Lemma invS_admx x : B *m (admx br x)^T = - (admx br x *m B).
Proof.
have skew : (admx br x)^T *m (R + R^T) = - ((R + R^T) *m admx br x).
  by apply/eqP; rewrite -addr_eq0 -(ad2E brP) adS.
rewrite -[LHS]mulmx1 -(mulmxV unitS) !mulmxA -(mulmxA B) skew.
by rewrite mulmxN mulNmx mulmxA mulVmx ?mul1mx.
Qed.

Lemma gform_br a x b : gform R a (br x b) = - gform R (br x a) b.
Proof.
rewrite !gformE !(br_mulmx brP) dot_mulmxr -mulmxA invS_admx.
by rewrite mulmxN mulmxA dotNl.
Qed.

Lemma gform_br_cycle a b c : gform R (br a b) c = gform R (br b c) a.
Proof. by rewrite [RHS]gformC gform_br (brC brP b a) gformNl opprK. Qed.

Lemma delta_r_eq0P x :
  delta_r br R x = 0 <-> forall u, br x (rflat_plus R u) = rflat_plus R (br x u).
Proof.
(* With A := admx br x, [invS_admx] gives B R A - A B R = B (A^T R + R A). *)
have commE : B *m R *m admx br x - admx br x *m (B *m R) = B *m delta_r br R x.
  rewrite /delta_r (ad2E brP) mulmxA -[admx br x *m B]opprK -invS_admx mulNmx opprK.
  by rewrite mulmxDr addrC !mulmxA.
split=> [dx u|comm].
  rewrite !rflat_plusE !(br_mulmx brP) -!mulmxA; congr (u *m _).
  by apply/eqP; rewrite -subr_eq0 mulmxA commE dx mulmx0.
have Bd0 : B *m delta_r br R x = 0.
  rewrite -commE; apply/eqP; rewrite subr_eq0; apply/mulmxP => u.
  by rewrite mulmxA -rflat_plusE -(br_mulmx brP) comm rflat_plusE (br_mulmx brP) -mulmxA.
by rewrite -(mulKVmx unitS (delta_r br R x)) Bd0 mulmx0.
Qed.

## WHAT NEEDS TO BE DONE
Every record above is to be copied exactly.

## RESPONSE AREA
Lemma invS_admx x : B *m (admx br x)^T = - (admx br x *m B).
Proof.
have skew : (admx br x)^T *m (R + R^T) = - ((R + R^T) *m admx br x).
  by apply/eqP; rewrite -addr_eq0 -(ad2E brP) adS.
rewrite -[LHS]mulmx1 -(mulmxV unitS) !mulmxA -(mulmxA B) skew.
by rewrite mulmxN mulNmx mulmxA mulVmx ?mul1mx.
Qed.

Lemma gform_br a x b : gform R a (br x b) = - gform R (br x a) b.
Proof.
rewrite !gformE !(br_mulmx brP) dot_mulmxr -mulmxA invS_admx.
by rewrite mulmxN mulmxA dotNl.
Qed.

Lemma gform_br_cycle a b c : gform R (br a b) c = gform R (br b c) a.
Proof. by rewrite [RHS]gformC gform_br (brC brP b a) gformNl opprK. Qed.

Lemma delta_r_eq0P x :
  delta_r br R x = 0 <-> forall u, br x (rflat_plus R u) = rflat_plus R (br x u).
Proof.
(* With A := admx br x, [invS_admx] gives B R A - A B R = B (A^T R + R A). *)
have commE : B *m R *m admx br x - admx br x *m (B *m R) = B *m delta_r br R x.
  rewrite /delta_r (ad2E brP) mulmxA -[admx br x *m B]opprK -invS_admx mulNmx opprK.
  by rewrite mulmxDr addrC !mulmxA.
split=> [dx u|comm].
  rewrite !rflat_plusE !(br_mulmx brP) -!mulmxA; congr (u *m _).
  by apply/eqP; rewrite -subr_eq0 mulmxA commE dx mulmx0.
have Bd0 : B *m delta_r br R x = 0.
  rewrite -commE; apply/eqP; rewrite subr_eq0; apply/mulmxP => u.
  by rewrite mulmxA -rflat_plusE -(br_mulmx brP) comm rflat_plusE (br_mulmx brP) -mulmxA.
by rewrite -(mulKVmx unitS (delta_r br R x)) Bd0 mulmx0.
Qed.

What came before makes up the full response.